When it was convenient for me and all the others kids were busy, I went up to her, her face still crinkled up and her bottom lip sticking out. I gave her no angry reaction and spoke to her in a matter-of-fact tone, “when you get your paper and start working, you earn another sprinkle” (of my magic wand). She continued standing erectly. So, I took her tall body in my arms and just hugged her tight. Her eyes began welling up and I literally saw the anger melting away. What was left was sadness. Behind most anger is actually sadness.(and eyes are the window to the soul) Her body posture and facial expression totally changed as I gently released her and handed her the paper. She quietly went to her table and began working away. Less than five minutes later, she came back up to me.

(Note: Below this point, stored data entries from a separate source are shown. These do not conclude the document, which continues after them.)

(* Let $S$ be a commutative ring, $\delta\in S$, and $r,s\ge0$. (1) If $r\ge1$, then $B_{r,s+1}(S,\delta)\,e_{1,r+s+1}=\iota(B_{r,s}(S,\delta))\,e_{1,r+s+1}$. (2) If $s\ge1$, then $B_{r+1,s}(S,\delta)\,e_{1,r+s+1}=\iota'(B_{r,s}(S,\delta))\,e_{1,r+s+1}$.
   Context: Brauer diagrams and the Brauer algebra $B_m(S,\delta)$: an $(m,m)$-Brauer diagram is a perfect matching of top points $\mathbf p_1,\dots,\mathbf p_m$ and bottom points $\bar{\mathbf p}_1,\dots,\bar{\mathbf p}_m$; $B_m(S,\delta)$ is the free $S$-module on such diagrams with product $ab=\delta^kc$, $c$ obtained by stacking $b$ over $a$ and deleting the $k$ closed loops formed. The walled Brauer algebra $B_{r,s}(S,\delta)\subseteq B_{r+s}(S,\delta)$ is the span of those diagrams in which, calling the points with index $\le r$ ''left'' and the others ''right'', no strand joins a top and a bottom point on different sides, and every strand joining two top points or two bottom points joins a left point with a right point. $\iota:B_{r,s}\to B_{r,s+1}$ adds a strand joining $\mathbf p_{r+s+1}$ and $\bar{\mathbf p}_{r+s+1}$; $\iota':B_{r,s}\to B_{r+1,s}$ adds a new leftmost strand joining new points $\mathbf p_1,\bar{\mathbf p}_1$ (shifting the indices of all other points by $1$). $e_{a,b}$ denotes the Brauer diagram joining $\mathbf p_a$ with $\mathbf p_b$, $\bar{\mathbf p}_a$ with $\bar{\mathbf p}_b$, and $\mathbf p_j$ with $\bar{\mathbf p}_j$ for all $j\ne a,b$. *)

From HB Require Import structures.
From mathcomp Require Import all_boot all_order all_algebra.
Set Implicit Arguments. Unset Strict Implicit. Unset Printing Implicit Defensive.
Import GRing.Theory.
Local Open Scope ring_scope.

(* Points of an (m,m)-diagram: inl i = top point p_{i+1}, inr i = bottom point
   \bar p_{i+1} (0-indexed). *)
Definition Pt (m : nat) : finType := ('I_m + 'I_m)%type.

(* A candidate diagram: a function on points (the partner map). *)
Definition diagT (m : nat) : finType := {ffun Pt m -> Pt m}.

(* Brauer diagram = perfect matching = fixed-point-free involution. *)
Definition is_diag m (d : diagT m) : bool :=
  [forall x, (d (d x) == x) && (d x != x)].

Definition idx m (p : Pt m) : 'I_m := match p with inl i => i | inr i => i end.
Definition is_top m (p : Pt m) : bool := if p is inl _ then true else false.
Definition with_idx m n (p : Pt m) (i : 'I_n) : Pt n :=
  if p is inl _ then inl i else inr i.
Definition flip m (p : Pt m) : Pt m :=
  match p with inl i => inr i | inr i => inl i end.

(* ---- stacking b over a (b on top; bottom of b glued to top of a) ---- *)
(* walk fuel down j : we are at middle point j; if down, next follow a from
   the top point j of a; otherwise follow b from bottom point j of b. *)
Fixpoint walk m (b a : diagT m) (fuel : nat) (down : bool) (j : 'I_m) : Pt m :=
  match fuel with
  | 0 => inl j (* unreachable with enough fuel *)
  | fuel'.+1 =>
    if down then
      match a (inl j) with
      | inr k => inr k
      | inl j' => walk b a fuel' false j'
      end
    else
      match b (inr j) with
      | inl k => inl k
      | inr j' => walk b a fuel' true j'
      end
  end.

Definition stack m (b a : diagT m) : diagT m :=
  [ffun p => match p with
    | inl i => match b (inl i) with
               | inl k => inl k
               | inr j => walk b a (2 * m).+2 true j
               end
    | inr i => match a (inr i) with
               | inr k => inr k
               | inl j => walk b a (2 * m).+2 false j
               end
    end].

Definition mid_rel m (b a : diagT m) : rel 'I_m :=
  fun j j' => (a (inl j) == inl j') || (b (inr j) == inr j').
Definition interior m (b a : diagT m) (j : 'I_m) : bool :=
  is_top (a (inl j)) && ~~ is_top (b (inr j)).
(* number of closed loops: connected components of middle points all of whose
   points are interior, counted via their minimal element *)
Definition loops m (b a : diagT m) : nat :=
  #|[set j : 'I_m | [forall j', connect (mid_rel b a) j j' ==>
                                (interior b a j' && (j <= j')%N)]]|.

Definition balg (S : comPzRingType) m := {ffun diagT m -> S}.

Definition in_Brauer (S : comPzRingType) m (x : balg S m) : Prop :=
  forall d, x d != 0 -> is_diag d.

(* product: a b = delta^k c, c = stack b over a, extended bilinearly *)
Definition bmul (S : comPzRingType) (delta : S) m (x y : balg S m) : balg S m :=
  [ffun c => \sum_(a | is_diag a) \sum_(b | is_diag b)
      x a * y b * delta ^+ loops b a * (stack b a == c)%:R].

Definition basis (S : comPzRingType) m (d : diagT m) : balg S m :=
  [ffun d' => (d' == d)%:R].

(* walled condition: left points are those with (0-based) index < r *)
Definition walled m (r : nat) (d : diagT m) : bool :=
  [forall p, if is_top p == is_top (d p)
             then ((idx p < r)%N != (idx (d p) < r)%N)
             else ((idx p < r)%N == (idx (d p) < r)%N)].

(* B_{r,s} sits inside B_{r+s}; we take m = r + s and record r *)
Definition in_walled (S : comPzRingType) (r m : nat) (x : balg S m) : Prop :=
  forall d, x d != 0 -> is_diag d && walled r d.

Definition mapP m n (f : 'I_m -> 'I_n) (p : Pt m) : Pt n :=
  match p with inl i => inl (f i) | inr i => inr (f i) end.

(* iota: new rightmost strand p_{m+1} -- \bar p_{m+1} *)
Definition iota_d m (d : diagT m) : diagT m.+1 :=
  [ffun p => if unlift ord_max (idx p) is Some i
             then mapP (lift ord_max) (d (with_idx p i)) else flip p].
(* iota': new leftmost strand, other indices shifted by one *)
Definition iota'_d m (d : diagT m) : diagT m.+1 :=
  [ffun p => if unlift ord0 (idx p) is Some i
             then mapP (lift ord0) (d (with_idx p i)) else flip p].

Definition iota_alg (S : comPzRingType) m (x : balg S m) : balg S m.+1 :=
  [ffun c => \sum_(d | iota_d d == c) x d].
Definition iota'_alg (S : comPzRingType) m (x : balg S m) : balg S m.+1 :=
  [ffun c => \sum_(d | iota'_d d == c) x d].

(* e_{a,b} (0-indexed a b) *)
Definition e_d m (a b : 'I_m) : diagT m :=
  [ffun p => if idx p == a then with_idx p b
             else if idx p == b then with_idx p a else flip p].

(* Multiplying walled Brauer diagrams on the right by e = e_{c0,c1}.

   Stacking e over a diagram a joins the top points c0, c1 by e's upper cap;
   every other point p ends where the strand of a from p ends, except that a
   strand reaching the top of a at c0 (resp. c1) turns around e's lower cap
   and continues along a from c1 (resp. c0) [stack_e].  So a e only depends on
   this "contraction" D of a, a fixed-point-free involution of the points other
   than the tops of c0, c1.  Conversely any such D is the contraction of a
   diagram in which c1 is a straight vertical strand [straighten], and such a
   diagram is the insertion of a strand at c1 into a diagram on one point fewer
   [restrict].  Everything respects a wall (a colouring V of the indices) as
   soon as c0 and c1 lie on different sides of it.  Grouping the diagrams of
   x by the diagram so obtained (closed loops only rescale coefficients, and
   a straight strand at c1 creates none) rewrites x e as (insert y) e, which is
   the general factorization [factor_through_insert]; the two parts of the
   theorem are its instances for the insertion at the last point (iota, with
   e_{1,r+s+1}) and at the first point (iota', with e_{r+s+1,1} = e_{1,r+s+1}). *)

From Pilot Require Import Defs.
From mathcomp Require Import all_boot all_order all_algebra.
Set Implicit Arguments. Unset Strict Implicit. Unset Printing Implicit Defensive.
Import GRing.Theory.
Local Open Scope ring_scope.

Section DiagramFacts.
Variables (m : nat) (d : diagT m).
Hypothesis dd : is_diag d.

Lemma diagK : involutive d.
Proof. by move: dd => /forallP H p; case/andP: (H p) => /eqP. Qed.

Lemma diagN p : d p != p.
Proof. by move: dd => /forallP H; case/andP: (H p). Qed.

Lemma diag_inj : injective d.
Proof. exact: inv_inj diagK. Qed.

End DiagramFacts.

Lemma is_diagP m (d : diagT m) : involutive d -> (forall p, d p != p) -> is_diag d.
Proof. by move=> dK dN; apply/forallP => p; rewrite dK eqxx dN. Qed.

Lemma inl_eq m (i j : 'I_m) : (inl i == inl j :> Pt m) = (i == j).
Proof. by apply/eqP/eqP => [[]|->]. Qed.

Lemma inr_eq m (i j : 'I_m) : (inr i == inr j :> Pt m) = (i == j).
Proof. by apply/eqP/eqP => [[]|->]. Qed.

Section CapDiagram.
Variables (m : nat) (c0 c1 : 'I_m).
Hypothesis c01 : c0 != c1.
Local Notation e := (e_d c0 c1).

Lemma e_top0 : e (inl c0) = inl c1. Proof. by rewrite ffunE /= eqxx. Qed.
Lemma e_top1 : e (inl c1) = inl c0.
Proof. by rewrite ffunE /= eq_sym (negbTE c01) eqxx. Qed.
Lemma e_bot0 : e (inr c0) = inr c1. Proof. by rewrite ffunE /= eqxx. Qed.
Lemma e_bot1 : e (inr c1) = inr c0.
Proof. by rewrite ffunE /= eq_sym (negbTE c01) eqxx. Qed.
Lemma e_top i : i != c0 -> i != c1 -> e (inl i) = inr i.
Proof. by move=> /negbTE i0 /negbTE i1; rewrite ffunE /= i0 i1. Qed.
Lemma e_bot i : i != c0 -> i != c1 -> e (inr i) = inl i.
Proof. by move=> /negbTE i0 /negbTE i1; rewrite ffunE /= i0 i1. Qed.

Lemma e_diag : is_diag e.
Proof.
have c10 : c1 != c0 by rewrite eq_sym.
apply: is_diagP => [[] i|[] i];
  (case: (eqVneq i c0) => [->|i0]; last case: (eqVneq i c1) => [->|i1]);
  by rewrite ?(e_top0, e_top1, e_bot0, e_bot1) ?inl_eq ?inr_eq //
             ?e_top ?e_bot ?e_top.
Qed.

Lemma e_cap j j' : e (inr j) = inr j' ->
  (j == c0) && (j' == c1) || (j == c1) && (j' == c0).
Proof.
case: (eqVneq j c0) => [->|j0]; first by rewrite e_bot0 => -[->]; rewrite !eqxx.
case: (eqVneq j c1) => [->|j1]; first by rewrite e_bot1 => -[->]; rewrite !eqxx orbT.
by rewrite e_bot.
Qed.

End CapDiagram.

Lemma e_sym m (a b : 'I_m) : a != b -> e_d a b = e_d b a.
Proof.
move=> ab; apply/ffunP => p; rewrite !ffunE.
by case: (eqVneq (idx p) a) => // ->; rewrite (negbTE ab).
Qed.

Section StackCap.
Variables (m : nat) (c0 c1 : 'I_m).
Hypothesis c01 : c0 != c1.
Local Notation e := (e_d c0 c1).

(* A strand arriving at the top point q of a continues through e: straight
   out of e, or around e's lower cap and down again along a. *)
Definition pass_cup (a : diagT m) (q : Pt m) : Pt m :=
  if q is inl j then
    match e (inr j) with inr j' => a (inl j') | q' => q' end
  else q.

(* The partner of p in the stack of e over a, away from the upper cap. *)
Definition contract (a : diagT m) (p : Pt m) : Pt m := pass_cup a (a p).

Lemma pass_cup0 (a : diagT m) : pass_cup a (inl c0) = a (inl c1).
Proof. by rewrite /= e_bot0. Qed.

Lemma pass_cup1 (a : diagT m) : pass_cup a (inl c1) = a (inl c0).
Proof. by rewrite /= e_bot1. Qed.

Lemma pass_cup_id (a : diagT m) q : q != inl c0 -> q != inl c1 -> pass_cup a q = q.
Proof. by case: q => //= j; rewrite !inl_eq => j0 j1; rewrite e_bot. Qed.

(* The walk of [stack] from a point p outside the upper cap of e ends at
   [contract a p]: it bounces at most once, on the lower cap of e. *)
Lemma walk_exit (a : diagT m) p k : is_diag a -> p != inl c0 -> p != inl c1 ->
  match a p with
  | inr q => inr q
  | inl j => walk e a k.+3 false j
  end = contract a p.
Proof.
move=> da p0 p1; rewrite /contract; case Ha: (a p) => [j|q] //=.
case Ej: (e (inr j)) => [q|j'] //=; case Hb: (a (inl j')) => [j''|q] //=.
have j''j' : j'' != j' by rewrite -inl_eq -Hb diagN.
have pj' : p != inl j'.
  by case/orP: (e_cap c01 Ej) => /andP[_ /eqP ->].
have j''j : j'' != j.
  by apply: contraNneq pj' => Ej''; apply/eqP/(diag_inj da); rewrite Ha Hb Ej''.
by case/orP: (e_cap c01 Ej) => /andP[/eqP ? /eqP ?]; subst j j'; rewrite e_bot.
Qed.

Oh, great…What made her mad now? No, actually, she wanted to tell me how she used her ‘I-message’ productively with her friend, explaining what she wanted, and it worked! She smiled proudly.

Hugs don’t solve everything but many children are lacking physical touch and attention. Remember the studies on orphaned Romanian babies who were left in their cribs in the 1900’s? They didn’t get human touch as they were left in their cribs all day. As a result, they simply failed to thrive and were more likely to die. Institutionalized children suffer long-term brain alterations and consequences, as do neglected children.(Read more.)

And, then there was the Harlow’s monkeys experiment in the mid 1900’s. Monkeys who were isolated and deprived of touch from a real monkey suffered severe psychological and physical consequences. And, then he studied the difference between wire ‘mothers’ who fed the babies vs. cloth machines. The monkeys went to the cloth. In summary, touch is vitally important as it’s a primal need.

And, many children’s needs are being neglected. No, not just food, shelter, a quiet place to sleep, clothing, and a safe place to play (although, that’s happening a lot more than people believe in this society too). It’s the love and physical attention these kids need. In our society, we don’t overlook abuse but neglect is harder to define and easier to overlook. But, I’m hearing about it and seeing it every day. Sometimes all kids need is a hug or a hand to hold down the hall.

Some kids could literally benefit from a pat-on-the-back. Humans need physical contact and affection. They’re not getting the snuggling in bed while reading books or sitting on the lap of a loved one while talking about their day. And later on in life, they may search for it in the wrong ways and from the wrong people because they have been deprived of appropriate affection.

Words can be complicated, confusing, and misleading to some children. As adults, we rely on them. But, a warm hug, gentle back rub, or walk holding hands can do more for some children than words can ever. So, ‘hug it out’ people!